Apartment REITs Buy Less, Hunt for Yield

Apartment REITs Buy Less, Hunt for Yield

Leading apartment REITs are much less eager to bid high on apartment properties than just a few years ago.

“The REITs are simply capturing less of the market today,” says Jim Costello, senior vice president for data firm Real Capital Analytics. “These investors captured roughly 18 percent of all apartment deal volume in the 2010 to 2011 period, but only 5 percent over the last 4 quarters.”

Apartment REITs have a lot of money to spend—if they can find the properties to buy or the places to build. However, the prices of apartment properties are now very, very high in the leading markets favored by many REITs. Those high prices are forcing some leading REITs to scale back. Other REITs have turned to smaller towns in secondary and tertiary markets to buy properties.
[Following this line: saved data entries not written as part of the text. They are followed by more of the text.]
Lemma beta_le_compl_P_lambda W l : in_Lambda W l -> beta W <= 1 - P_lambda l m.
Proof.
move=> Wl; have [l_ge0 _] := Wl; have P_le1 := P_lambda_le1 m Wl.
apply: bigmax_le => [|j _]; first by rewrite subr_ge0.
rewrite /beta'; case: ifP => [w_gt1 | _]; last by rewrite subr_ge0.
have col_le : colsum W j <= P_lambda l m + (colweight W j)%:R * (1 - P_lambda l m).
  rewrite (colsum_in_Lambda j Wl) (bigID (fun f => \rank (detmx R f) == m)) /=.
  apply: lerD.
    apply: ler_sum => f /eqP /rank_detmx_injective /injective_colsum_detmx col_le1.
    by apply: ler_piMr; [exact: l_ge0 | exact: col_le1].
  rewrite (P_lambda_compl m Wl) subKr mulr_sumr; apply: ler_sum => f _.
  have [-> | lf0] := eqVneq (l f) 0; first by rewrite !mulr0 mul0r.
  by rewrite mulrC ler_wpM2r // (colsum_detmx_le_colweight _ Wl).
have w_gt1' : 1 < (colweight W j)%:R :> R by rewrite ltr1n.
by rewrite ler_pdivrMr ?subr_gt0 //; nra.
Qed.

Lemma P_lambda_le_hval W l : in_Lambda W l -> P_lambda l n <= hval W.
Proof.
move=> Wl; have [l_ge0 _] := Wl.
apply: le_bigmin => [|j _]; first exact: P_lambda_le1 Wl.
rewrite (colsum_in_Lambda j Wl) (bigID (fun f => \rank (detmx R f) == n)) /=.
rewrite -[P_lambda l n]addr0; apply: lerD.
  apply: ler_sum => f /eqP /rank_detmx_surjective /surjective_colsum_detmx col_ge1.
  by apply: ler_peMr; [exact: l_ge0 | exact: col_ge1].
by apply: sumr_ge0 => f _; rewrite mulr_ge0 // colsum_detmx ler0n.
Qed.

Lemma colsum_le1_of_beta' W j : channel W -> beta' W j <= 0 -> colsum W j <= 1.
Proof.
move=> Wch; rewrite /beta'; case: ifP => [w_gt1 | w_le1 _].
  by rewrite ler_pdivrMr ?subr_gt0 ?ltr1n // mul0r subr_le0.
have [i0 Wi0j | W0] := pickP (fun i => W i j != 0); last first.
  by rewrite /colsum big1 ?ler01 // => i _; apply/eqP/negbFE/W0.
rewrite /colsum (bigD1 i0) //= big1 ?addr0 => [|i ii0]; first exact: channel_le1.
apply/eqP; apply: contraNT ii0 => Wij; apply/eqP.
move: w_le1; rewrite colweightE => /negbT; rewrite -leqNgt => /card_le1_eqP.
by apply; rewrite inE.
Qed.

End Bounds.

Theorem proposition9 (R : realType) (m n : nat) (W : 'M[R]_(m, n)) :
  (2 <= m)%N -> (2 <= n)%N -> channel W ->
  ((m <= n)%N -> Pbar W m <= 1 - beta W /\ (beta W = 0 -> Pbar W m = 1)) /\
  ((n <= m)%N -> Pbar W n <= hval W /\ (hval W = 1 -> Pbar W n = 1)).
Proof.
move=> _ _ Wch.
have Lambda_W : exists l, in_Lambda W l.
  have fW : feasible 0 W by split=> // j; rewrite mul0r.
  by have [l Wl _] := feasible_decomposition fW; exists l.
split=> _; split.
- by apply: Pbar_le => // l /beta_le_compl_P_lambda; lra.
- move=> beta0; have fW : feasible 1 W.
    split=> // j; rewrite mul1r subr_le0; apply: colsum_le1_of_beta' => //.
    by rewrite -beta0; apply: le_bigmax.
  have [l Wl l_feas] := feasible_decomposition fW.
  apply: (Pbar_eq1 Wl) => f /l_feas[_ f_col].
  by apply/rank_detmx_injective/injective_colsum_detmx => j; have := f_col j; lra.
- by apply: Pbar_le => // l /P_lambda_le_hval.
- move=> h1; have fW : feasible (-1) W.
    split=> // j; have : hval W <= colsum W j by apply: bigmin_le.
    by rewrite h1; lra.
  have [l Wl l_feas] := feasible_decomposition fW.
  apply: (Pbar_eq1 Wl) => f /l_feas[_ f_col].
  by apply/rank_detmx_surjective/surjective_colsum_detmx => j; have := f_col j; lra.
Qed.
(* Let $\mathcal{H}$ be a separable Hilbert space, $\epsilon_1,\ldots,\epsilon_n$ $\mathcal{H}$-valued random elements with $E\|\epsilon_i\|^2<\infty$, $W_{n1},\ldots,W_{nn}\ge0$ deterministic weights, $\eta_i=W_{ni}\epsilon_i$, $S_n=\sum_{i=1}^n\eta_i$, $\mathcal{G}_i=\sigma(\epsilon_1,\ldots,\epsilon_i)$ ($\mathcal{G}_0$ trivial), and $m\ge1$ an integer. For $1\le i\le n$ let $T_i=S_n-\sum_{j=i}^{\min(i+m-1,n)}\eta_j$ and $d_i=E[\|S_n\|\mid\mathcal{G}_i]-E[\|S_n\|\mid\mathcal{G}_{i-1}]-E[\|T_i\|\mid\mathcal{G}_i]+E[\|T_i\|\mid\mathcal{G}_{i-1}]$. Then $|d_i|\le\sum_{j=i}^{i+m-1}E(\|\eta_j\|\mid\mathcal{G}_i)+\sum_{j=i}^{i+m-1}E(\|\eta_j\|\mid\mathcal{G}_{i-1})$ and $E(d_i^2\mid\mathcal{G}_{i-1})\le m\sum_{j=i}^{i+m-1}E(\|\eta_j\|^2\mid\mathcal{G}_{i-1})$, where sums over $j$ are truncated at $n$. *)

From HB Require Import structures.
From mathcomp Require Import all_boot all_order all_algebra.
From mathcomp Require Import all_classical all_reals all_analysis.
Set Implicit Arguments. Unset Strict Implicit. Unset Printing Implicit Defensive.
Import Order.TTheory GRing.Theory Num.Theory.
Import numFieldNormedType.Exports.
Local Open Scope classical_set_scope.
Local Open Scope ring_scope.

Definition norm_from_inner_product (R : realType) (H : normedModType R)
  (ip : H -> H -> R) : Prop :=
  [/\ forall x y, ip x y = ip y x,
      forall (a : R) (x y z : H), ip (a *: x + y) z = a * ip x z + ip y z
    & forall x : H, `|x| ^+ 2 = ip x x].

Definition separable_hilbert (R : realType) (H : completeNormedModType R) : Prop :=
  (exists ip : H -> H -> R, norm_from_inner_product ip) /\
  (exists D : set H, countable D /\ closure D = setT).

Definition borelH (R : realType) (H : normedModType R) : set (set H) :=
  <<s [set: H], [set U | open U] >>.

Definition random_element (d : measure_display) (T : measurableType d)
  (R : realType) (H : normedModType R) (X : T -> H) : Prop :=
  forall B, borelH B -> measurable (X @^-1` B).

(* sigma(eps_1, ..., eps_i); for i = 0 this is the trivial sigma-algebra. *)
Definition natural_filtration (d : measure_display) (T : measurableType d)
  (R : realType) (H : normedModType R) (eps : nat -> T -> H) (i : nat)
  : set (set T) :=
  <<s [set: T], [set A | exists j B, [/\ (1 <= j <= i)%N, borelH B &
                                         A = eps j @^-1` B] ] >>.

Definition is_cond_exp (d : measure_display) (T : measurableType d)
  (R : realType) (P : probability T R) (G : set (set T)) (X Y : T -> R) : Prop :=
  [/\ forall B : set R, measurable B -> G (Y @^-1` B),
      P.-integrable [set: T] (EFin \o Y)
    & forall A, G A ->
        (\int[P]_(x in A) (Y x)%:E = \int[P]_(x in A) (X x)%:E)%E].

From HB Require Import structures.
From mathcomp Require Import all_boot all_order all_algebra.
From mathcomp Require Import all_classical all_reals all_analysis.
From mathcomp Require Import ring lra measurable_realfun.
Import Order.TTheory GRing.Theory Num.Theory.
Import numFieldNormedType.Exports.
Local Open Scope classical_set_scope.
Local Open Scope ring_scope.
Set Implicit Arguments. Unset Strict Implicit. Unset Printing Implicit Defensive.

(* Write [d_i = U - V] with [U = E[X | G_i]], [V = E[X | G_(i-1)]] and
   [X = |S_n| - |T_i|]; by the triangle inequality [|X|] is at most the sum of
   the [|eta_j|] over the window [i <= j < min(i + m, n + 1)], so the first
   bound is monotonicity of conditional expectation. For the second,
   [V = E[U | G_(i-1)]] by the tower property, and conditional Pythagoras
   gives [E[(U - V)^2 | G_(i-1)] <= E[U^2 | G_(i-1)] <= E[X^2 | G_(i-1)]],
   while [X^2 <= m * sum_j |eta_j|^2] by Cauchy-Schwarz. Separability of H is
   only used to make sums of H-valued random elements measurable. *)

Lemma two_mul_sum_le (R : realFieldType) (I : Type) (s : seq I) (f : I -> R) (a : R) :
  2 * a * (\sum_(j <- s) f j) <= (size s)%:R * a ^+ 2 + \sum_(j <- s) f j ^+ 2.
Proof.
elim: s => [|j s ih]; first by rewrite !big_nil mulr0 mul0r addr0.
rewrite !big_cons /= -natr1; have := sqr_ge0 (a - f j).
rewrite !expr2 in ih *; nra.
Qed.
Equity Residential slows down

The largest apartment REIT, Equity Residential has scaled back its plans to buy properties in 2015. The company now plans to buy $350 million in apartment properties in 2015—down from its earlier plan to buy $500 million. That’s largely because of heated pricing for multifamily assets. Equity executives noted that cap rates for multifamily buildings are in the 3 percent to 4 percent range in many of its favored markets, during the company’s second quarter earnings conference call. 

Strong demand for apartments is making it difficult for REITs like Equity Residential to buy new properties. New investors continue to join the bidding wars to buy, attracted by high occupancy rates and rising rents.
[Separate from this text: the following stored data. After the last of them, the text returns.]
(* Let $n\ge 3$. Let $c_{n,6}=-\min_{x\in[-1,1]}Q_{n,6}(x)$ and $b_{n,6}=1+Q_{n,6}(1)/c_{n,6}$. Then there is no finite subset $Y\subseteq\mathbb{S}^{n-1}$ which is a spherical design of harmonic index $6$ and has $|Y|=b_{n,6}$ (i.e. there is no tight spherical design of harmonic index $6$ on $\mathbb{S}^{n-1}$).
   Context: $\mathbb{S}^{n-1}$ is the unit sphere in $\mathbb{R}^n$. A finite $Y\subseteq\mathbb{S}^{n-1}$ is a spherical design of harmonic index $t$ if $\sum_{\mathbf{x}\in Y}f(\mathbf{x})=0$ for every real homogeneous harmonic polynomial $f$ in $n$ variables of degree exactly $t$. Every such $Y$ satisfies $|Y|\ge b_{n,t}:=1+Q_{n,t}(1)/c_{n,t}$ with $c_{n,t}=-\min_{[-1,1]}Q_{n,t}$; $Y$ is called tight if equality holds. Here $Q_{n,6}(x)=\frac{n(n+2)(n+10)}{6!}\{(n+4)(n+6)(n+8)x^6-15(n+4)(n+6)x^4+45(n+4)x^2-15\}$ is the Gegenbauer polynomial of degree 6, normalized so that $Q_{n,6}(1)$ equals the dimension of the space of homogeneous harmonic polynomials of degree 6 in $n$ variables. *)

From HB Require Import structures.
From mathcomp Require Import all_boot all_order all_algebra.
From mathcomp Require Import boolp classical_sets reals.
From mathcomp Require Import mpoly.
Set Implicit Arguments. Unset Strict Implicit. Unset Printing Implicit Defensive.
Import Order.TTheory GRing.Theory Num.Theory.
Local Open Scope ring_scope.
Local Open Scope classical_set_scope.

Section Defs.
Context {R : realType}.

(* Gegenbauer polynomial Q_{n,6}, normalized so Q_{n,6}(1) = dim Harm_6(R^n). *)
Definition Q6 (n : nat) (x : R) : R :=
  let m := n%:R : R in
  (m * (m + 2) * (m + 10) / 6`!%:R) *
  ((m + 4) * (m + 6) * (m + 8) * x ^+ 6 - 15 * (m + 4) * (m + 6) * x ^+ 4
   + 45 * (m + 4) * x ^+ 2 - 15).

(* c_{n,6} = - min_{x in [-1,1]} Q_{n,6}(x) (the infimum is attained). *)
Definition c6 (n : nat) : R :=
  - inf [set Q6 n x | x in [set x : R | -1 <= x <= 1]].

Definition b6 (n : nat) : R := 1 + Q6 n 1 / c6 n.

Definition coords (n : nat) (y : 'rV[R]_n) : 'I_n -> R := fun i => y ord0 i.

Definition on_sphere (n : nat) (y : 'rV[R]_n) : Prop :=
  \sum_(i < n) y ord0 i ^+ 2 = 1.

Definition laplacian (n : nat) (p : {mpoly R[n]}) : {mpoly R[n]} :=
  \sum_(i < n) mderiv i (mderiv i p).

Definition harmonic_homog (n t : nat) (p : {mpoly R[n]}) : Prop :=
  p \is t.-homog /\ laplacian p = 0.

(* Y (a finite set given as a duplicate-free list) is a spherical design of
   harmonic index t *)
Definition harmonic_index_design (n t : nat) (Y : seq 'rV[R]_n) : Prop :=
  forall p : {mpoly R[n]}, harmonic_homog t p ->
    \sum_(y <- Y) p.@[coords y] = 0.

End Defs.

From HB Require Import structures.
From mathcomp Require Import all_boot all_order all_algebra.
From mathcomp Require Import boolp classical_sets reals.
From mathcomp Require Import mpoly.
From mathcomp Require Import ring lra.
Import Order.TTheory GRing.Theory Num.Theory.
Set Implicit Arguments. Unset Strict Implicit. Unset Printing Implicit Defensive.
Local Open Scope ring_scope.

(* Write Q_{n,6}(x) = K q(x^2) with q a cubic.  For x in a tight design Y of
   harmonic index 6, summing the zonal harmonic with pole x over Y gives
   sum_y Q(<x,y>) = 0; as Q >= -c on [-1,1] and |Y| = 1 + Q(1)/c, every term
   with y <> x equals -c, so each <x,y>^2 minimises q on [0,1].  That minimiser
   is interior and unique, hence all squared inner products equal one s with
   n s >= 1.  The t^2-coefficient of the design identity at the pole x + t v
   shows that the frame form sum_y <u,y><v,y> - lam <u,v> vanishes on each
   hyperplane x^perp, hence everywhere (three equiangular lines suffice).
   Evaluating it at a point of Y and taking its trace gives lam = 1 + (|Y|-1) s
   and |Y| = lam n, incompatible with n s >= 1 and n >= 3. *)

Section GegenbauerCubic.
Variable R : comNzRingType.
Implicit Types m s u E S : R.

Definition q6A m := (m + 4) * (m + 6) * (m + 8).
Definition q6B m := 15 * (m + 4) * (m + 6).
Definition q6C m := 45 * (m + 4).

Definition q6 m s := q6A m * s ^+ 3 - q6B m * s ^+ 2 + q6C m * s - 15.
Definition dq6 m s := 3 * q6A m * s ^+ 2 - 2 * q6B m * s + q6C m.

(* Half the second derivative of u |-> q6 m (u^2) at u^2 = s. *)
Definition q6_curv m s := 15 * q6A m * s ^+ 2 - 6 * q6B m * s + q6C m.
Theorem lemma3p8
  (R : realType) (d : nat) (M : Type) (n : nat) (fs : 'I_n -> M -> R)
  (Retr : M -> 'rV[R]_d -> M)
  (eps_g eps_H rho_TH gamma sigma0 nu L_H K_H delta_g delta_H : R)
  (x0 : M) (x : nat -> M) (sigma : nat -> R)
  (G : nat -> 'rV[R]_d) (H : nat -> 'M[R]_d) (eta : nat -> 'rV[R]_d)
  (N : nat) (fmin : R) :
  (0 < n)%N ->
  (forall y, Retr y 0 = y) ->
  (forall i y, C2 (fun v => fs i (Retr y v))) ->
  0 < eps_g < 1 -> 0 < eps_H < 1 -> 0 < rho_TH < 1 -> 1 < gamma ->
  0 < sigma0 -> 0 < nu < 1 ->
  0 < L_H -> 0 < K_H -> 0 < delta_g < 1 -> 0 < delta_H < 1 ->
  sigma0 <= 2 * gamma * L_H ->
  x 0%N = x0 -> sigma 0%N = sigma0 ->
  let f := favg fs in
  let rho k := (f (x k) - f (Retr (x k) (eta k)))
                 / (- cmodel (G k) (H k) (sigma k) (eta k)) in
  (* the algorithm runs iterations 0..N without terminating *)
  (forall k, (k <= N)%N ->
     (H k)^T = H k /\
     ~ (enorm (G k) <= eps_g /\ - eps_H <= lam_min (H k)) /\
     (rho_TH <= rho k ->
        x k.+1 = Retr (x k) (eta k) /\ sigma k.+1 = sigma k / gamma) /\
     (rho k < rho_TH -> x k.+1 = x k /\ sigma k.+1 = gamma * sigma k)) ->
  (* (A1) *)
  (forall k, (k <= N)%N ->
     `| f (Retr (x k) (eta k)) - f (x k)
        - dotv (grad0 (fun v => f (Retr (x k) v))) (eta k)
        - 2^-1 * qform (hess0 (fun v => f (Retr (x k) v))) (eta k) |
     <= 2^-1 * L_H * enorm (eta k) ^+ 3) ->
  (* (A2) *)
  (forall k, (k <= N)%N -> opnorm (H k) <= K_H) ->
  (* (A3) *)
  (forall k, (k <= N)%N ->
     enorm (G k - grad0 (fun v => f (Retr (x k) v))) <= delta_g /\
     enorm (opapp (H k - hess0 (fun v => f (Retr (x k) v))) (eta k))
       <= delta_H * enorm (eta k)) ->
  (* (A4) : Cauchy point *)
  (forall k, (k <= N)%N ->
     exists alphaC, is_argmin_ray (G k) (H k) (sigma k) (- G k) alphaC /\
       - cmodel (G k) (H k) (sigma k) (alphaC *: (- G k))
         <= - cmodel (G k) (H k) (sigma k) (eta k)) ->
  (* (A4) : eigenpoint *)
  (forall k, (k <= N)%N -> lam_min (H k) < 0 ->
     exists u alphaE,
       qform (H k) u <= nu * lam_min (H k) * enorm u ^+ 2 /\
       nu * lam_min (H k) * enorm u ^+ 2 < 0 /\
       dotv (G k) u <= 0 /\
       is_argmin_ray (G k) (H k) (sigma k) u alphaE /\
       - cmodel (G k) (H k) (sigma k) (alphaE *: u)
         <= - cmodel (G k) (H k) (sigma k) (eta k)) ->
  (* accuracy conditions *)
  (forall k, (k <= N)%N ->
     delta_g <= 9 * delta_H ^+ 2 / (4 * sigma k) /\
     delta_H <= Num.min
       (Num.min (18^-1) ((1 - rho_TH) / 9)
          * (Num.sqrt (K_H ^+ 2 + 4 * sigma k * eps_g) - K_H))
       (Num.min (9^-1) (2 * (1 - rho_TH) / 9) * nu * eps_H)) ->
  (* f attains its minimum fmin *)
  (exists y, f y = fmin) -> (forall y, fmin <= f y) ->
  let kappa_sigma :=
    Num.min (nu ^+ 3 / (24 * gamma ^+ 2 * L_H ^+ 2))
      ((2 * Num.sqrt 3)^-1 *
         Num.min (K_H^-1) ((Num.sqrt (2 * gamma * L_H))^-1)) in
  (#|[set k : 'I_N.+1 | rho_TH <= rho k]|)%:R
    <= (f x0 - fmin) / (rho_TH * kappa_sigma)
         * Num.max (eps_g ^- 2) (eps_H ^- 3) + 1.
Proof.
move=> _ _ _ /andP[eg0 eg1] /andP[eH0 _] /andP[rho0 rho1] g1 s0 /andP[nu0 _] L0 K0 _
  /andP[dH0 _] s0le x0E s0E f rho run A1 A2 A3 cauchy eigen acc _ fmin_le.
set S := 2 * gamma * L_H; set mn := Num.min (eps_g ^+ 2) (eps_H ^+ 3).
rewrite [in X in is_true X]/= (_ : Num.min (nu ^+ 3 / _) _ = decrease_constant nu K_H S).
  2: by rewrite /decrease_constant /cauchy_constant /S; congr Num.min; congr (_ / _); ring.
have S0 : 0 < S by rewrite /S !mulr_gt0 // (lt_trans ltr01).
have step k : (k <= N)%N -> 0 < sigma k <= S ->
    decrease_constant nu K_H S * mn <= - cmodel (G k) (H k) (sigma k) (eta k)
    /\ (2 * L_H <= sigma k -> rho_TH <= rho k).
  move=> kN /andP[sk0 skS]; have [_ [stop _]] := run k kN.
  exact: (iteration_estimates sk0 eg0 (ltW eg1) eH0 nu0 K0 stop (A2 k kN) (cauchy k kN)
    (eigen k kN) skS (ltW rho1) (ltW dH0) (A1 k kN) (A3 k kN) (acc k kN)).
have sigma_le k : (k <= N.+1)%N -> 0 < sigma k <= S.
  apply: (sigma_bounded (succ := fun k => rho_TH <= rho k) (T := 2 * L_H) g1) => //.
  - by rewrite /S mulrCA mulrA.
  - by rewrite s0E s0.
  - by move=> {}k kN /(step k kN) [].
  - by move=> {}k kN /(run k kN).2.2.1 [].
  - by move=> {}k kN; rewrite -ltNge => /(run k kN).2.2.2 [].
have kappa_mn0 : 0 < decrease_constant nu K_H S * mn.
  by rewrite mulr_gt0 ?decrease_constant_gt0 // lt_min !exprn_gt0.
apply: le_trans (card_set_succ_le (phi := fun k => f (x k))
  (succ := fun k => rho_TH <= rho k) (mulr_gt0 rho0 kappa_mn0) _ _ (fmin_le (x N.+1))) _.
- move=> k kN succ_k; have [-> _] := (run k kN).2.2.1 succ_k.
  have [decr_ge _] := step k kN (sigma_le k (leqW kN)).
  exact: decrease_of_ratio_ge (ltW rho0) kappa_mn0 decr_ge succ_k.
- by move=> k kN; rewrite -ltNge => /(run k kN).2.2.2 [-> _].
by rewrite x0E maxr_invf ?exprn_gt0 // -/mn -mulrA -invfM -mulrA lerDl.
Qed.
That same strong demand is helping Equity earn money at its existing properties. “Equity Residential continues to benefit significantly from extremely favorable demographics, steady improvement in employment and changing lifestyles,” said David J. Neithercut, Equity Residential’s president and CEO.
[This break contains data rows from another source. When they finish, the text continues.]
(* Let $n\ge3$, let $\boldsymbol\ell=(\ell_1,\ldots,\ell_n)$ be positive numbers, let $\mathbf b=(b_1,\ldots,b_n)$ be a vector of offset Kasner exponents, and let $\mu,\tau_0$ be nonzero constants. Then the CMC conformal data set $(g_{\boldsymbol\ell},\mu\,\sigma_{\mathbf b,\boldsymbol\ell},\tau_0)$ on $T^n$ determines (generates exactly one solution of the constraint equations, namely) the Cauchy data of the slice $t=t_0:=1/\tau_0$ of a Kasner spacetime, which is expanding if $\tau_0>0$ and contracting if $\tau_0<0$. Its Kasner exponents are $\mathbf a=s\mathbf b+(\frac1n,\ldots,\frac1n)$, where $s=1$ if $\mu$ and $\tau_0$ have the same sign and $s=-1$ otherwise. The slice $t=t_0$ has metric $c^{q-2}g_{\boldsymbol\ell}$ with $c=|\mu/\tau_0|^{1/q}$, and the slice $t=\mathrm{sgn}(t_0)$ of this spacetime has metric $g_{\bar{\boldsymbol\ell}}$, where $\bar\ell_k=|t_0|^{-a_k}c^{q/2-1}\ell_k$.
   Context: $q=\frac{2n}{n-2}$, $\kappa=\frac{n-1}{n}$. $T^n=(\mathbb{R}/\mathbb{Z})^n$ with unit coordinates $(s^1,\ldots,s^n)$; $g_{\boldsymbol\ell}=\sum_k\ell_k^2(ds^k)^2$. Offset Kasner exponents: $\mathbf b\in\mathbb{R}^n$ with $\sum_kb_k=0$ and $\sum_kb_k^2=\kappa$. Then $\sigma_{\mathbf b,\boldsymbol\ell}=\sum_kb_k\ell_k^2(ds^k)^2$ is transverse-traceless for $g_{\boldsymbol\ell}$. CMC conformal method: a data set $(g,\sigma,\tau_0)$ ($\sigma$ transverse-traceless, $\tau_0$ constant) generates the solutions $\bar g=\phi^{q-2}g$, $\bar K=\phi^{-2}\sigma+\frac{\tau_0}{n}\bar g$ of the Einstein constraint equations $R_{\bar g}-|\bar K|^2+(\mathrm{tr}\bar K)^2=0$, $\mathrm{div}_{\bar g}\bar K=d\,\mathrm{tr}\bar K$, one for each positive solution $\phi$ of $-2\kappa q\Delta_g\phi+R_g\phi-|\sigma|_g^2\phi^{-q-1}+\kappa\tau_0^2\phi^{q-1}=0$. A Kasner spacetime with exponents $\mathbf a$ ($\sum a_k=1$, $\sum a_k^2=1$) and lengths $\bar{\boldsymbol\ell}$ is $\mathbb{R}_+\times T^n$ (expanding) or $\mathbb{R}_-\times T^n$ (contracting) with metric $-dt^2+\sum_k|t|^{2a_k}\bar\ell_k^2(ds^k)^2$, time-oriented by $\partial_t$. The Cauchy data of a slice $\{t=t_0\}$ is its induced metric and second fundamental form $K(X,Y)=-\langle\partial_t,\nabla_XY\rangle$. *)

From HB Require Import structures.
From mathcomp Require Import all_boot all_order all_algebra.
From mathcomp Require Import all_classical all_reals all_analysis.
Set Implicit Arguments. Unset Strict Implicit. Unset Printing Implicit Defensive.
Import Order.TTheory GRing.Theory Num.Theory.
Import numFieldNormedType.Exports.
Local Open Scope ring_scope.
The median same-store net operating income earned by apartment REITs—including Equity Residential—continued to trend above 5 percent in 2015, according to SNL Financial. “The fundamentals are still strong,” says Jason Lail, manager of real estate research for SNL Financial. “Increased job growth and household formations have helped demand to outpace supply in most major markets.” Effective rents grew more quickly in the 12 months that ended in the second quarter than any period since 2011, according to data from Axiometrics.

Because of those same strong fundamentals new investors continue to bet on apartment REITs, pushing the stock prices of those REITs higher, and giving those companies the easy ability to raise money—the challenge is finding a way to spend it.

“Year to date, multifamily REITs have outperformed both the broad REIT market and the S&P 500,” says Lail. So far in 2015, U.S. multifamily REITs have provided a total return of 7.4 percent, according to SNL Financial as of July 30. That’s much better than equity REITs overall, which suffered a negative return of -1.4 percent over the same period. It’s also better than the S&P 500, which has earned its investors a positive 3.6 percent return so far this year.

Secondary markets come first

When apartment REITs are able to buy apartment properties, they now tend to spend their money in secondary and tertiary markets and are less likely to buy properties in the largest metro areas. Of the cash REITs spent to buy apartment properties over the year that ended in the second quarter, they only spent 41 percent in the six major markets. That’s down from 63 percent spent in the major markets in 2010 and 2011, according to Real Capital Analytics.

In the last for quarters, REITs spent 57 percent more to buy apartment properties in secondary markets compared to what they spent in 2010 and 2011. REITs spent 103 percent more to buy apartment properties in tertiary markets. But in the six major markets, REITs spent nearly one third less.

“The overall share in the six major metros, though, declined with smaller deal volume,” says Costello.

The top markets where REITs bought apartment properties so far in 2015 start with strong secondary markets, including Dallas-Fort Worth and Atlanta, according to SNL. In 2014, the top markets started with Los Angeles and Seattle.